Cimientos del cristianismo
La condición capitalina se la otorgaron el general Estilicón y el joven emperador Honorio en el contexto de las incursiones bárbaras de principios del siglo V. Rávena, ubicada entre las marismas, lagunas y afluentes del estuario del Po, ofrecía una protección natural excelente reforzada por sólidas murallas. Además, desde el cercano puerto de Classe, donde Julio César había establecido la base de la flota romana del Mediterráneo oriental, se abría una ruta hacia Constantinopla y a su mercado.

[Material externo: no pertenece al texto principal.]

Lemma convex_chord_le a t b : 0 < a <= t -> t <= b ->
  (f t - f a) * (b - a) <= (f b - f a) * (t - a).
Proof.
intros Hat Htb.
pose proof (convex_tangent_le t a ltac:(lra) ltac:(lra)) as Ha.
pose proof (convex_tangent_le t b ltac:(lra) ltac:(lra)) as Hb.
assert (0 <= (f' t * (t - a) - (f t - f a)) * (b - t))
  by (apply Rmult_le_pos; lra).
assert (0 <= (f b - f t - f' t * (b - t)) * (t - a))
  by (apply Rmult_le_pos; lra).
nra.
Qed.

Lemma convex_increment_le x y d : 0 < x <= y -> 0 <= d ->
  f (x + d) - f x <= f (y + d) - f y.
Proof.
intros Hxy Hd.
apply (le_of_deriv_nonneg (fun t => f (t + d) - f t)
         (fun t => f' (t + d) * 1 - f' t)); [lra | |].
- intros c Hc; apply derivable_pt_lim_minus; [| apply f_deriv; lra].
  apply (derivable_pt_lim_comp (fun t => t + d) f c 1 (f' (c + d))).
  + rewrite <- (Rplus_0_r 1).
    apply derivable_pt_lim_plus;
      [apply derivable_pt_lim_id | apply derivable_pt_lim_const].
  + apply f_deriv; lra.
- intros c Hc; pose proof (f'_mono c (c + d)); lra.
Qed.

End ConvexFunction.

Lemma Rpower_pos x y : 0 < Rpower x y.
Proof. apply exp_pos. Qed.

Lemma Rpower_1_l y : Rpower 1 y = 1.
Proof. unfold Rpower; rewrite ln_1, Rmult_0_r; apply exp_0. Qed.

Lemma Rpower_pow_l x y k : 0 < x -> Rpower (x ^ k) y = Rpower x y ^ k.
Proof.
intros Hx; rewrite <- !Rpower_pow by (try apply Rpower_pos; lra).
rewrite !Rpower_mult, Rmult_comm; reflexivity.
Qed.

Lemma ln_div_ge1 x y : 1 < x < y -> 1 <= ln y / ln x.
Proof.
intros Hxy.
assert (Hx : 0 < ln x) by (rewrite <- ln_1; apply ln_increasing; lra).
assert (ln x < ln y) by (apply ln_increasing; lra).
apply (Rmult_le_reg_r (ln x)); [lra |].
unfold Rdiv; rewrite Rmult_assoc, Rinv_l by lra; lra.
Qed.

Section PowerFunction.

Variable alpha : R.
Hypothesis alpha_ge1 : 1 <= alpha.

Lemma Rpower_deriv_le x y : 0 < x <= y ->
  alpha * Rpower x (alpha - 1) <= alpha * Rpower y (alpha - 1).
Proof.
intros; apply Rmult_le_compat_l; [lra |]; apply Rle_Rpower_l; lra.
Qed.

Lemma Rpower_deriv_ge1 x : 1 <= x -> 1 <= alpha * Rpower x (alpha - 1).
Proof.
intros Hx.
assert (1 <= Rpower x (alpha - 1))
  by (rewrite <- (Rpower_O x) at 1 by lra; apply Rle_Rpower; lra).
assert (0 <= (alpha - 1) * (Rpower x (alpha - 1) - 1)) by (apply Rmult_le_pos; lra).
nra.
Qed.

Lemma Rpower_tangent_le x y : 0 < x -> 0 < y ->
  Rpower x alpha + alpha * Rpower x (alpha - 1) * (y - x) <= Rpower y alpha.
Proof.
exact (convex_tangent_le (fun t => Rpower t alpha)
  (fun t => alpha * Rpower t (alpha - 1))
  (fun t => derivable_pt_lim_power t alpha) Rpower_deriv_le x y).
Qed.

Lemma Rpower_sub_ge x y : 1 <= x <= y -> y - x <= Rpower y alpha - Rpower x alpha.
Proof.
intros Hxy; pose proof (Rpower_tangent_le x y ltac:(lra) ltac:(lra)) as Ht.
assert (y - x <= alpha * Rpower x (alpha - 1) * (y - x))
  by (rewrite <- (Rmult_1_l (y - x)) at 1;
      apply Rmult_le_compat_r; [| apply Rpower_deriv_ge1]; lra).
lra.
Qed.

Lemma Rpower_pred_ge x : 1 < x ->
  Rpower x alpha * (1 - alpha / x) <= Rpower (x - 1) alpha.
Proof.
intros Hx; pose proof (Rpower_tangent_le x (x - 1) ltac:(lra) ltac:(lra)) as Ht.
assert (Hsplit : Rpower x alpha = Rpower x (alpha - 1) * x).
{ rewrite <- (Rpower_1 x) at 3 by lra; rewrite <- Rpower_plus; f_equal; ring. }
replace (Rpower x alpha * (1 - alpha / x)) with
  (Rpower x alpha + alpha * Rpower x (alpha - 1) * (x - 1 - x)); [lra |].
rewrite Hsplit; field; lra.
Qed.

Lemma Rpower_chord t b : 1 <= t <= b ->
  (Rpower t alpha - 1) * (b - 1) <= (Rpower b alpha - 1) * (t - 1).
Proof.
intros Htb; rewrite <- (Rpower_1_l alpha) at 1 3.
apply (convex_chord_le (fun t => Rpower t alpha)
         (fun t => alpha * Rpower t (alpha - 1)));
  [exact (fun t => derivable_pt_lim_power t alpha) | exact Rpower_deriv_le | lra | lra].
Qed.

Lemma Rpower_increment_le x y d : 0 < x <= y -> 0 <= d ->
  Rpower (x + d) alpha - Rpower x alpha <= Rpower (y + d) alpha - Rpower y alpha.
Proof.
apply (convex_increment_le (fun t => Rpower t alpha)
         (fun t => alpha * Rpower t (alpha - 1)));
  [exact (fun t => derivable_pt_lim_power t alpha) | exact Rpower_deriv_le].
Qed.

End PowerFunction.

Lemma filter_mod_seq q r N : (1 <= q)%nat -> (r < q)%nat ->
  exists k, filter (fun d => Nat.eqb (d mod q) r) (seq 0 N)
            = map (fun i => q * i + r)%nat (seq 0 k) /\
            forall i, (q * i + r < N <-> i < k)%nat.
Proof.
intros Hq Hr; induction N as [| N [k [E F]]].
- exists 0%nat; split; [reflexivity | lia].
- rewrite seq_S, filter_app, E; simpl.
  destruct (Nat.eqb_spec (N mod q) r) as [Hm | Hm].
  + assert (HN : N = (q * (N / q) + r)%nat)
      by (rewrite <- Hm; apply Nat.div_mod; lia).
    assert (Hk : k = (N / q)%nat)
      by (pose proof (F k); pose proof (F (N / q)%nat); nia).
    exists (S k); split.
    * rewrite seq_S, map_app; simpl; rewrite Hk, <- HN; reflexivity.
    * intros i; nia.
  + exists k; split; [rewrite app_nil_r; reflexivity |].
    intros i; rewrite <- F; split; [| lia]; intros Hi.
    destruct (Nat.eq_dec (q * i + r) N) as [He | He]; [| lia].
    exfalso; apply Hm; rewrite <- He, Nat.add_comm, Nat.mul_comm, Nat.Div0.mod_add.
    apply Nat.mod_small; lia.
Qed.

Lemma digitset_affine q r p : (2 <= q)%nat -> (r < q)%nat -> (q + r < p)%nat ->
  (2 <= length (digitset q r p) < p)%nat /\
  forall e, (e < length (digitset q r p))%nat ->
    hmap (digitset q r p) e = (q * e + r)%nat.
Proof.
intros Hq Hr Hp.
destruct (filter_mod_seq q r p ltac:(lia) Hr) as [k [E F]].
unfold hmap, digitset; rewrite E, length_map, length_seq; split.
- pose proof (proj1 (F 1%nat) ltac:(lia)); pose proof (proj2 (F (k - 1)%nat) ltac:(lia)).
  nia.
- intros e He.
  rewrite (nth_indep _ 0%nat ((fun i => q * i + r) 0)%nat)
    by (rewrite length_map, length_seq; lia).
  rewrite map_nth with (d := 0%nat), seq_nth by lia; reflexivity.
Qed.

Lemma a_aux_fuel_irrelevant s p h f f' n : (2 <= s)%nat ->
  (n <= f)%nat -> (n <= f')%nat -> a_aux s p h f n = a_aux s p h f' n.
Proof.
intros Hs; revert f' n; induction f as [| f IH]; intros f' n Hf Hf'.
- replace n with 0%nat by lia; destruct f'; reflexivity.
- destruct f' as [| f']; [replace n with 0%nat by lia; reflexivity |].
  simpl; destruct (Nat.eqb_spec n 0); [reflexivity |].
  assert (n / s < n)%nat by (apply Nat.div_lt; lia).
  f_equal; f_equal; apply IH; lia.
Qed.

De Bizancio llegaron cargos gubernamentales, mercancías importadas como el papiro de Egipto, las sedas, las especias y el marfil, textos jurídicos, litúrgicos y teológicos y las ideas en constante evolución sobre el gobierno imperial que circulaban por el Mare Nostrum. Personajes como el citado Honorio, hijo de Teodosio el Grande, o Gala Placidia, su brillante y poderosa hermanastra, a quienes por otra parte se puede achacar la ruptura de la estabilidad de Roma, patrocinaron edificios soberbios que mezclarían lo romano, lo godo y lo bizantino.

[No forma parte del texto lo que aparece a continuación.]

(* Let $n\ge2$, $\alpha,\beta>0$, $a=1/\alpha$, $b=1/\beta$, and let $1\le j_1<\dots<j_r\le n-1$. For $1\le j\le n-1$ let $x_j$ be the event that box $(n-j,j)$ (on the second main diagonal) is non-empty. If $j_k\le j_{k+1}-2$ for all $k=1,\dots,r-1$, then \[\mathbb{P}_{n,\alpha,\beta}(x_{j_1},\dots,x_{j_r})=\prod_{k=1}^{r}\frac{1}{n+a+b-r+k-1}.\] Otherwise, $\mathbb{P}_{n,\alpha,\beta}(x_{j_1},\dots,x_{j_r})=0$.
   Context: A staircase tableau of size $n$ has boxes $(i,j)$ with $i,j\ge1$ and $i+j\le n+1$, rows numbered from the top and columns from the left. An $\alpha/\beta$-staircase tableau of size $n$ is a filling in which each box is empty or contains $\alpha$ or $\beta$, such that: all boxes in the same column and above an $\alpha$ are empty; all boxes in the same row and to the left of a $\beta$ are empty; every main-diagonal box (with $i+j=n+1$) contains a symbol. $\overline{\mathcal{S}}_n$ is the set of these. The weight is $wt(S)=\alpha^{N_\alpha}\beta^{N_\beta}$ ($N_\alpha,N_\beta$ the numbers of $\alpha$'s, $\beta$'s), and $\mathbb{P}_{n,\alpha,\beta}(S)=wt(S)/\sum_{T\in\overline{\mathcal{S}}_n}wt(T)$. $\mathbb{P}_{n,\alpha,\beta}(E_1,\dots,E_r)$ denotes the probability of the intersection of the events. *)

From mathcomp Require Import all_boot all_order all_algebra.
Set Implicit Arguments. Unset Strict Implicit. Unset Printing Implicit Defensive.
Import Order.TTheory GRing.Theory Num.Theory.

(* Boxes are indexed 0-based: p = (i', j') : 'I_n * 'I_n stands for the box
   (i'+1, j'+1) (row, column).  A box of the staircase of size n satisfies
   (i'+1)+(j'+1) <= n+1, i.e. i'+j' < n; the main diagonal is i'+j' = n-1. *)
Definition box n := ('I_n * 'I_n)%type.

(* Cell content: None = empty, Some true = alpha, Some false = beta. *)
Definition filling n := {ffun box n -> option bool}.

Definition in_stair n (p : box n) : bool := (p.1 + p.2 < n)%N.

Definition is_ab_stair n (S : filling n) : bool :=
  [&& [forall p : box n, ~~ in_stair p ==> (S p == None)],
      [forall p : box n, (S p == Some true) ==>
          [forall q : box n, ((q.2 == p.2) && (q.1 < p.1)%N) ==> (S q == None)]],
      [forall p : box n, (S p == Some false) ==>
          [forall q : box n, ((q.1 == p.1) && (q.2 < p.2)%N) ==> (S q == None)]]
    &
      [forall p : box n, (p.1 + p.2 == n.-1)%N ==> (S p != None)]].

Definition stairs n : {set filling n} := [set S | is_ab_stair S].

Definition N_alpha n (S : filling n) : nat := #|[set p | S p == Some true]|.
Definition N_beta n (S : filling n) : nat := #|[set p | S p == Some false]|.

Local Open Scope ring_scope.

Definition wt (R : realFieldType) (alpha beta : R) n (S : filling n) : R :=
  alpha ^+ N_alpha S * beta ^+ N_beta S.

Definition prob (R : realFieldType) n (alpha beta : R) (E : pred (filling n)) : R :=
  (\sum_(S in stairs n | E S) wt alpha beta S) /
  (\sum_(S in stairs n) wt alpha beta S).

(* x_j : box (n-j, j) (1-based) is non-empty, i.e. 0-based (n-j-1, j-1). *)
Definition x_ev n (j : nat) : pred (filling n) := fun S =>
  [exists p : box n,
     [&& (p.1 == n - j - 1 :> nat)%N, (p.2 == j - 1 :> nat)%N & S p != None]].

Definition x_evs n (js : seq nat) : pred (filling n) := fun S =>
  all (fun j => x_ev j S) js.

From mathcomp Require Import all_boot all_order all_algebra zify ring lra.
Set Implicit Arguments. Unset Strict Implicit. Unset Printing Implicit Defensive.
Import Order.TTheory GRing.Theory Num.Theory.
Local Open Scope ring_scope.

(* Build the tableau row by row, from the bottom row up.  Given the rows k, ...,
   n-1, call a column free if it meets row k inside the staircase and holds no α;
   the boxes of row k-1 that may be filled lie in free columns.  In a row, the
   diagonal box holds α or β, a β is the leftmost symbol, and every other box in
   a free column holds α or is empty.  Hence, weighting the rows k, ..., n-1 by
   x^(number of free columns), their generating function satisfies
   G_k(x) = (α + β x) G_(k+1)(α + x): summing over one row, a free column stays
   free, with factor x, exactly when it receives no α.  With G_n = 1 this gives
   G_k(x) = Π_(j < n-k) (α + j α β + β x).  If the box of row k just above the
   diagonal box of row k+1 must be filled, that diagonal box cannot hold α, so
   row k+1 is a lone β and G_k(x) = α β (α + β x) G_(k+2)(α + x).  Since
   α β / (α + j α β + β) = 1 / (a + b + j), the probability is the claimed
   product.  Two such events in consecutive rows are incompatible: the diagonal
   box below one filled box and right of the other can hold neither α nor β. *)

Lemma sum_option_bool (V : nmodType) (F : option bool -> V) :
  \sum_(a : option bool) F a = F None + F (Some true) + F (Some false).
Proof.
rewrite (bigD1 None) // (bigD1 (Some true)) // (bigD1 (Some false)) // big_pred0;
  last by case=> [[]|].
transitivity (F None + (F (Some true) + (F (Some false) + 0))); first by [].
by rewrite addr0 addrA.
Qed.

Pero esa prosperidad también tuvo su coste: la ciudad nunca logró ser independiente, «rara vez hizo historia de forma evidente y decisiva», escribe la autora. «A pesar de sus aportaciones intelectuales, artísticas, jurídicas y médicas, en los agitados siglos que generaron la cristiandad primitiva (…) los centros más poderosos no sintieron la necesidad de reconocer su influencia».
Más que sobre Rávena, el ensayo de Herrin, catedrática emérita de Estudios Bizantinos y de la Antigüedad Tardía en el King’s College de Londres, es una historia global del mundo mediterráneo que va desde la decadencia de la Antigua Roma hasta la importancia de Constantinopla como escudo de Occidente contra la expansión del islam y con el prólogo de la coronación de Carlomagno, tradicionalmente aclamado con el título de padre de Europa.
Es aquí donde la medievalista vierte una de sus hipótesis más llamativas: «Pero los cimientos de la cristiandad occidental de los que él fue el paradigma se dispusieron en Rávena, cuyos gobernantes, exarcas y obispos, eruditos, médicos, abogados, mosaiquistas y comerciantes, romanos y godos, y más tarde griegos y longobardos, forjaron la primera ciudad europea«.